Single by Shaggy featuring Grand Puba

from the album Boombastic
- B-side: "Demand the Ride"; "The Train Is Coming"; "Big Up";
- Released: 1995
- Genre: Hip-hop; ragga;
- Length: 3:55
- Label: Virgin
- Songwriters: Orville Burrell; Maxwell Dixon; Robert Livingston; Bob Marley;
- Producers: Sting International; Robert Livingston;

Shaggy singles chronology
| "Boombastic" (1995) | "Why You Treat Me So Bad" (1995) | "Piece of My Heart" (1997) |

Grand Puba singles chronology
| "A Little of This" (1995) | "Why You Treat Me So Bad" (1995) | "Actual Facts" (1996) |

Music video
- "Why You Treat Me So Bad" on YouTube

= Why You Treat Me So Bad (Shaggy song) =

1995 single by Shaggy

"Why You Treat Me So Bad" is a song co-written and recorded by Jamaican reggae artist Shaggy featuring American rapper Grand Puba. It was released in 1995 by Virgin Records as the third single from his third studio album, Boombastic (1995), and contains elements from "Mr. Brown" by Bob Marley. The song entered the top 20 in Ireland, New Zealand, and the United Kingdom.

==Critical reception==
Larry Flick from Billboard magazine commented in his review of the single, "As astute programmers have known for some time, there is way more to Shaggy than his top 10 hit 'Boombastic'. Fun and fresh changes in tempo and the distinctive vocal styles of Shaggy and Grand Puba complement one another. Get up and play it." Another Billboard editor, Paul Verna, remarked that the song benefits from Puba's "off-kilter musings, buzzes madly and bounces like aural Jello". Chuck Campbell from Knoxville News Sentinel viewed it as "nasty fun for those who can get past the misogyny." In his weekly UK chart commentary in Dotmusic, James Masterton said, "It will probably struggle to become as big a hit as his past few efforts, featuring less of the humour that made "Boombastic" such a commercial hit."

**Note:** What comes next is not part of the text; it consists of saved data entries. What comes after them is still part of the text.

(* $(\mathbb{S},\tau)$ is a corecursive algebra for $M\otimes-\colon\mathsf{SquaMS}\to\mathsf{SquaMS}$; that is, for every coalgebra $\beta\colon B\to M\otimes B$ in $\mathsf{SquaMS}$ there is a unique morphism $\beta^*\colon B\to\mathbb{S}$ with $\beta^*=\tau\circ(M\otimes\beta^* )\circ\beta$.
   Context: Let $M_0=\{(r,s)\in[0,1]^2: r\in\{0,1\}\text{ or } s\in\{0,1\}\}$. A square metric space is a pair $(X,S_X)$ with $X$ a metric space with all distances at most $2$ and $S_X\colon M_0\to X$ injective such that (sq1) for $i\in\{0,1\}$, $r,s\in[0,1]$: $d_X(S_X(i,r),S_X(i,s))=|s-r|$ and $d_X(S_X(r,i),S_X(s,i))=|s-r|$; (sq2) $d_X(S_X(r,s),S_X(t,u))\ge|r-t|+|s-u|$. $\mathsf{SquaMS}$: these objects, with short maps $f$ satisfying $f\circ S_X=S_Y$ as morphisms. Let $N=\{0,1,2\}^2$, $M=N\setminus\{(1,1)\}$, also viewed as points of $\mathbb{R}^2$. For $X$ in $\mathsf{SquaMS}$, $M\otimes X=(M\times X)/\!\sim$, where $\sim$ is generated by $(m,S_X(p))\sim(n,S_X(q))$ whenever $m,n\in M$ differ by exactly $1$ in exactly one coordinate and $(m+p)/3=(n+q)/3$; $m\otimes x$ is the class of $(m,x)$. With $d((a,u),(b,v))=\frac13 d_X(u,v)$ if $a=b$ and $2$ otherwise, $M\otimes X$ gets the quotient metric (infimum over finite chains of sums of consecutive distances, $\sim$-related consecutive pairs counting $0$). $S_{M\otimes X}(p)=m\otimes S_X(3p-m)$ for any $m\in M$ with $p\in(m+[0,1]^2)/3$; $(M\otimes f)(m\otimes x)=m\otimes f(x)$. The Sierpinski carpet $\mathbb{S}$ is the unique nonempty compact $K\subseteq[0,1]^2$ with $K=\bigcup_{m\in M}\frac13(m+K)$; it carries the taxicab metric $d((x,y),(x',y'))=|x-x'|+|y-y'|$ and $S_{\mathbb{S}}$ is the inclusion of $M_0\subseteq\mathbb{S}$, making it a square metric space. $\tau\colon M\otimes\mathbb{S}\to\mathbb{S}$ is $\tau(m\otimes s)=\frac13(m+s)$. *)

From Stdlib Require Import Reals Lra Arith Bool Relations ClassicalEpsilon.
From Coquelicot Require Import Coquelicot.
Open Scope R_scope.

Definition inM0 (p : R * R) : Prop :=
  0 <= fst p <= 1 /\ 0 <= snd p <= 1 /\
  (fst p = 0 \/ fst p = 1 \/ snd p = 0 \/ snd p = 1).

Definition inMb (m : nat * nat) : bool :=
  andb (andb (Nat.ltb (fst m) 3) (Nat.ltb (snd m) 3)) (negb (andb (Nat.eqb (fst m) 1) (Nat.eqb (snd m) 1))).
Definition Mt : Type := { m : nat * nat | inMb m = true }.
Definition M00 : Mt := exist _ (0%nat, 0%nat) eq_refl.
Definition mx (m : Mt) : R := INR (fst (proj1_sig m)).
Definition my (m : Mt) : R := INR (snd (proj1_sig m)).
Definition Mt_eqb (a b : Mt) : bool :=
  andb (Nat.eqb (fst (proj1_sig a)) (fst (proj1_sig b)))
   (Nat.eqb (snd (proj1_sig a)) (snd (proj1_sig b))).

Definition adjacent (m n : Mt) : Prop :=
  let (m1, m2) := proj1_sig m in let (n1, n2) := proj1_sig n in
  ((m1 = S n1 \/ n1 = S m1) /\ m2 = n2) \/ (m1 = n1 /\ (m2 = S n2 \/ n2 = S m2)).

Definition in_cell (m : Mt) (p : R * R) : Prop :=
  mx m / 3 <= fst p <= (mx m + 1) / 3 /\ my m / 3 <= snd p <= (my m + 1) / 3.

(* Data of a (candidate) square metric space: carrier, distance, and S_X.
   S_X is given as a total map on R^2; only its values on M0 matter. *)
Record SqData := {
  car :> Type;
  dist : car -> car -> R;
  Sq : R * R -> car
}.

Definition is_square_ms (X : SqData) : Prop :=
  (forall x y : X, 0 <= dist X x y) /\
  (forall x y : X, dist X x y = 0 <-> x = y) /\
  (forall x y : X, dist X x y = dist X y x) /\
  (forall x y z : X, dist X x z <= dist X x y + dist X y z) /\
  (forall x y : X, dist X x y <= 2) /\
  (forall p q, inM0 p -> inM0 q -> Sq X p = Sq X q -> p = q) /\
  (forall (i r s : R), (i = 0 \/ i = 1) -> 0 <= r <= 1 -> 0 <= s <= 1 ->
     dist X (Sq X (i, r)) (Sq X (i, s)) = Rabs (s - r) /\
     dist X (Sq X (r, i)) (Sq X (s, i)) = Rabs (s - r)) /\
  (forall p q, inM0 p -> inM0 q ->
     dist X (Sq X p) (Sq X q) >= Rabs (fst p - fst q) + Rabs (snd p - snd q)).

Definition is_morphism (X Y : SqData) (f : X -> Y) : Prop :=
  (forall x y : X, dist Y (f x) (f y) <= dist X x y) /\
  (forall p, inM0 p -> f (Sq X p) = Sq Y p).

Definition eqv {A : Type} (rel : A -> A -> Prop) : A -> A -> Prop :=
  clos_refl_sym_trans A rel.
Definition quot {A : Type} (rel : A -> A -> Prop) : Type :=
  { P : A -> Prop | exists a, P = eqv rel a }.
Definition cls {A : Type} (rel : A -> A -> Prop) (a : A) : quot rel :=
  exist _ (eqv rel a) (ex_intro _ a eq_refl).
Definition repr {A : Type} {rel : A -> A -> Prop} (c : quot rel) : A :=
  proj1_sig (constructive_indefinite_description _ (proj2_sig c)).

Section Tensor.
Variable X : SqData.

Heidi Siegmund Cuda from Los Angeles Times felt that Shaggy "rounds out" his reggae repertoire with "such likable dance-hall treats", as the "lovelorn" "Why You Treat Me So Bad?". A reviewer from Music Week wrote, "Mr Boombastic returns with a mid-tempo hip hop swayer with a jazzy swingtime flavour and a cameo from New York rapper Grand Puba. It's more laid back than his last release and should give Shaggy another hit." James Hamilton from the Record Mirror Dance Update declared it as a "'Why must you treat me so bad?' girls pushed terrific funky ragga rap jolter". Al Weisel of Rolling Stone found that the "funky grind" of the song "demonstrate an equal fluency in contemporary mainland rhythm."

==Track listings==

- US CD single 1 (1995)
1. "Why You Treat Me So Bad" (radio mix)
2. "Why You Treat Me So Bad" (club mix)
3. "The Train Is Coming" (film version featuring Ken Boothe)
4. "Demand the Ride"

- US CD single 2 (1995)
5. "Why You Treat Me So Bad" (Salaam clean radio remix) – 4:19
6. "Why You Treat Me So Bad" (Sting radio remix) – 4:04
7. "Demand the Ride" – 4:00
8. "Big Up" (featuring Rayvon) – 3:36

- US cassette single (1995)
9. "Why You Treat Me So Bad" (radio mix) – 3:51
10. "Why You Treat Me So Bad" (club mix) – 3:53

- UK and Australasian CD single (1996)
11. "Why You Treat Me So Bad" (radio mix)
12. "Why You Treat Me So Bad" (Soul Inside mix)
13. "Why You Treat Me So Bad" (club mix)
14. "Why You Treat Me So Bad" (LP version)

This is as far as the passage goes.